Open to page 03 in the February 2008 copy. I can practically taste that gumbo with enormous pieces of sausage and shrimp. I can smell the spices. I want to warm my hands and place them around that bowl filled to the brim right now, never mind that it is just 9:48 in the morning! Directly under the photograph is “the story of gumbo” and to the left of that a bit on the “White boot brigade.” This magazine is brilliant. Every issue I have ever read has been! On page 11 is a recipe for red beans and rice. I want some of this too! And I know Don would die over the Mufuletta recipe on page 15. I place a star next to that recipe.

I flag almost all the recipes and ogle and drool over the latest and greatest kitchen appliances. I want to touch, smell and taste everything I see on the pages. I would love a grown up Scratch’n’Sniff version of this.

My kids have been known to steal my W-S catalog from me.
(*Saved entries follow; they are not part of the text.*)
(* Let $\{z_n\}_{n \geq 1}$ be a sequence in $\mathbb{C} \setminus\{i\}$. Then $\prod_{n \geq 1} z_n$ converges absolutely if and only if $\prod_{n \geq 1} T(z_n)$ converges absolutely.
   Context: $T(z) = i\frac{1-iz}{1+iz}$ (defined for $z\neq i$). A product $\prod_{n\ge1} w_n$ is said to converge absolutely if $\sum_{n\ge1}|1-w_n|<\infty$. *)

From Stdlib Require Import Reals.
From Coquelicot Require Import Coquelicot.
Open Scope R_scope.

(* T(z) = i (1 - i z) / (1 + i z); Coquelicot's division is total, the
   relevant hypothesis z <> i guarantees 1 + i z <> 0. *)
Definition T (z : C) : C := (Ci * ((1 - Ci * z) / (1 + Ci * z)))%C.

(* The product prod_{n>=1} w_n converges absolutely iff
   sum_{n>=1} |1 - w_n| < oo.  Sequences are nat -> C, terms indexed n >= 1
   (the value at index 0 is ignored). *)
Definition abs_conv_prod (w : nat -> C) : Prop :=
  ex_series (fun n => Cmod (1 - w (S n))%C).

(* With T z = (z + i) / (1 + i z) one has
     (1 - T z) (1 + i z) = (1 - i) (1 - z)   and   (1 - z) (T z + i) = (i - 1) (1 - T z),
   and near z = 1 the factors 1 + i z and T z + i stay close to 1 + i, of modulus sqrt 2.
   Hence |1 - T z| and |1 - z| are within a factor 2 of each other once either is small,
   and comparison of series transfers summability of one to the other. *)
From Stdlib Require Import Reals Lra Lia Psatz.
From Coquelicot Require Import Coquelicot.

Lemma ex_series_le_near_0 (a b : nat -> R) (eps K : R) :
  0 < eps -> ex_series b -> (forall n, 0 <= a n) -> (forall n, 0 <= b n) ->
  (forall n, b n < eps -> a n <= K * b n) -> ex_series a.
Proof.
  intros eps_gt0 sum_b a_ge0 b_ge0 a_le.
  assert (b_lim0 : is_lim_seq b 0) by now apply ex_series_lim_0.
  apply is_lim_seq_spec in b_lim0.
  destruct (b_lim0 (mkposreal eps eps_gt0)) as [N b_small]; simpl in b_small.
  apply (ex_series_incr_n a N).
  apply (@ex_series_le R_AbsRing R_CompleteNormedModule _
           (fun k => scal K (b (N + k)%nat))).
  - intros k. change (Rabs (a (N + k)%nat) <= K * b (N + k)%nat).
    rewrite Rabs_pos_eq by apply a_ge0.
    apply a_le. specialize (b_small (N + k)%nat ltac:(lia)).
    rewrite Rminus_0_r, Rabs_pos_eq in b_small by apply b_ge0. exact b_small.
  - apply (@ex_series_scal R_AbsRing R_NormedModule K (fun k => b (N + k)%nat)).
    now apply (ex_series_incr_n b N).
Qed.

Lemma Cmod_sub_le_of_add (d r : C) : Cmod (d + r) - Cmod r <= Cmod d.
Proof. pose proof (Cmod_triangle d r). lra. Qed.

Lemma Cmod_le_of_mul_eq (x y c d : C) (m K : R) :
  (x * d = c * y)%C -> 0 < m -> m <= Cmod d -> Cmod c <= K * m ->
  Cmod x <= K * Cmod y.
Proof.
  intros xd_eq m_gt0 m_le c_le.
  assert (mod_eq : Cmod x * Cmod d = Cmod c * Cmod y)
    by now rewrite <- !Cmod_mult, xd_eq.
  pose proof (Cmod_ge_0 x). pose proof (Cmod_ge_0 y).
  apply (Rmult_le_reg_r m); [exact m_gt0|]. nra.
Qed.

Lemma Cmod_1_add_Ci : Cmod (1 + Ci)%C = sqrt 2.
Proof. unfold Cmod; simpl; f_equal; ring. Qed.

Lemma Cmod_1_sub_Ci : Cmod (1 - Ci)%C = sqrt 2.
Proof. unfold Cmod; simpl; f_equal; ring. Qed.

Lemma Cmod_Ci_sub_1 : Cmod (Ci - 1)%C = sqrt 2.
Proof. unfold Cmod; simpl; f_equal; ring. Qed.

Lemma sqrt2_gt_1 : 1 < sqrt 2.
Proof. rewrite <- sqrt_1. apply sqrt_lt_1_alt. lra. Qed.

Lemma T_denom_neq0 (z : C) : z <> Ci -> (1 + Ci * z <> 0)%C.
Proof.
  intros z_neq denom_eq0. apply z_neq. destruct z as [a b].
  pose proof (f_equal fst denom_eq0). pose proof (f_equal snd denom_eq0). simpl in *.
  apply injective_projections; simpl; lra.
Qed.

Lemma T_mul_denom (z : C) : (1 + Ci * z <> 0)%C ->
  (T z * (1 + Ci * z) = Ci * (1 - Ci * z))%C.
Proof. intros denom_neq0. unfold T. field. exact denom_neq0. Qed.

Lemma sub_T_mul (z : C) : (1 + Ci * z <> 0)%C ->
  ((1 - T z) * (1 + Ci * z) = (1 - Ci) * (1 - z))%C.
Proof.
  intros denom_neq0.
  replace ((1 - T z) * (1 + Ci * z))%C with (1 + Ci * z - T z * (1 + Ci * z))%C by ring.
  rewrite T_mul_denom by exact denom_neq0.
  destruct z as [a b]. apply injective_projections; simpl; ring.
Qed.

Lemma T_add_Ci_mul (z : C) : (1 + Ci * z <> 0)%C ->
  ((1 - z) * (T z + Ci) = (Ci - 1) * (1 - T z))%C.
Proof.
  intros denom_neq0.
  assert (times_denom : ((1 - z) * (T z + Ci) * (1 + Ci * z)
                         = (Ci - 1) * (1 - T z) * (1 + Ci * z))%C).
  { replace ((1 - z) * (T z + Ci) * (1 + Ci * z))%C
      with ((1 - z) * (T z * (1 + Ci * z) + Ci * (1 + Ci * z)))%C by ring.
    replace ((Ci - 1) * (1 - T z) * (1 + Ci * z))%C
      with ((Ci - 1) * ((1 - T z) * (1 + Ci * z)))%C by ring.
    rewrite T_mul_denom, sub_T_mul by exact denom_neq0.
    destruct z as [a b]. apply injective_projections; simpl; ring. }
  transitivity ((1 - z) * (T z + Ci) * (1 + Ci * z) / (1 + Ci * z))%C.
  - field. exact denom_neq0.
  - rewrite times_denom. field. exact denom_neq0.
Qed.

Lemma Cmod_sub_T_le (z : C) :
  Cmod (1 - z)%C < / 2 -> Cmod (1 - T z)%C <= 2 * Cmod (1 - z)%C.
Proof.
  intros z_near1. pose proof sqrt2_gt_1.
  assert (denom_ge : sqrt 2 / 2 <= Cmod (1 + Ci * z)%C).
  { pose proof (Cmod_sub_le_of_add (1 + Ci * z) (Ci * (1 - z))) as lower.
    replace (1 + Ci * z + Ci * (1 - z))%C with (1 + Ci)%C in lower by ring.
    rewrite Cmod_1_add_Ci, Cmod_mult, Cmod_Ci in lower. lra. }
  assert (denom_neq0 : (1 + Ci * z <> 0)%C).
  { intros denom_eq0. rewrite denom_eq0, Cmod_0 in denom_ge. lra. }
  apply (Cmod_le_of_mul_eq _ _ _ _ (sqrt 2 / 2) 2 (sub_T_mul z denom_neq0)); try lra.
  rewrite Cmod_1_sub_Ci. lra.
Qed.

Lemma Cmod_sub_le_of_T (z : C) : z <> Ci ->
  Cmod (1 - T z)%C < / 2 -> Cmod (1 - z)%C <= 2 * Cmod (1 - T z)%C.
Proof.
  intros z_neq Tz_near1. pose proof sqrt2_gt_1.
  assert (factor_ge : sqrt 2 / 2 <= Cmod (T z + Ci)%C).
  { pose proof (Cmod_sub_le_of_add (T z + Ci) (1 - T z)) as lower.
    replace (T z + Ci + (1 - T z))%C with (1 + Ci)%C in lower by ring.
    rewrite Cmod_1_add_Ci in lower. lra. }
  apply (Cmod_le_of_mul_eq _ _ _ _ (sqrt 2 / 2) 2
           (T_add_Ci_mul z (T_denom_neq0 z z_neq))); try lra.
  rewrite Cmod_Ci_sub_1. lra.
Qed.

Theorem lemma4p2 (z : nat -> C) (hz : forall n : nat, (1 <= n)%nat -> z n <> Ci) :
  abs_conv_prod z <-> abs_conv_prod (fun n => T (z n)).
Proof.
  unfold abs_conv_prod. split; intros sum_conv.
  - apply (ex_series_le_near_0 _ _ (/ 2) 2 ltac:(lra) sum_conv);
      intros; auto using Cmod_ge_0, Cmod_sub_T_le.
  - apply (ex_series_le_near_0 _ _ (/ 2) 2 ltac:(lra) sum_conv);
      intros n; auto using Cmod_ge_0.
    apply Cmod_sub_le_of_T, hz. lia.
Qed.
One night, around Christmastime I went up to tuck the kids into bed. There was my almost-seven year old with my Thanksgiving 2007 catalog. He was reading through every thing very carefully, pen in hand circling the things he wanted, the martini olive puffs (!), the spanikopita triangles, the old world salami, and the crab cakes. He also marked up recipes such as easy spaghetti bolognese. “Can we make this one tomorrow, Mama?” He asked? “Sure,” I replied.

I have never in my life made a frittata but I know I just have to have the Calphalon One nonstick frittata pan, and the Calphalon egg poacher, Oh and the Bialetti Mukka Express electric cappuccino maker! My almost seven year old wants the filled pancake pan pictured on page 23. He’s getting one for his birthday! Toward the back of the catalog is pictured the kitchen torch and just above it a recipe for tomato salsa that looks absolutely to die for! The pretty pastel cupcakes with flowers a top are beautiful and look easy enough to make… I make a mental note for future Birthday parties down the road. I love their dish and hand soaps… I make a mental note of all these wonderful things. Until we move from our Crazy Crowded House I have no room for all these wondrous appliances in my kitchen, but with my gift certificates that I have been collecting for a while now, I will be sure to pick up a few of these items when and if we do ever move. Meantime, I have a few new recipes to try in My Crazy Crowded Kitchen.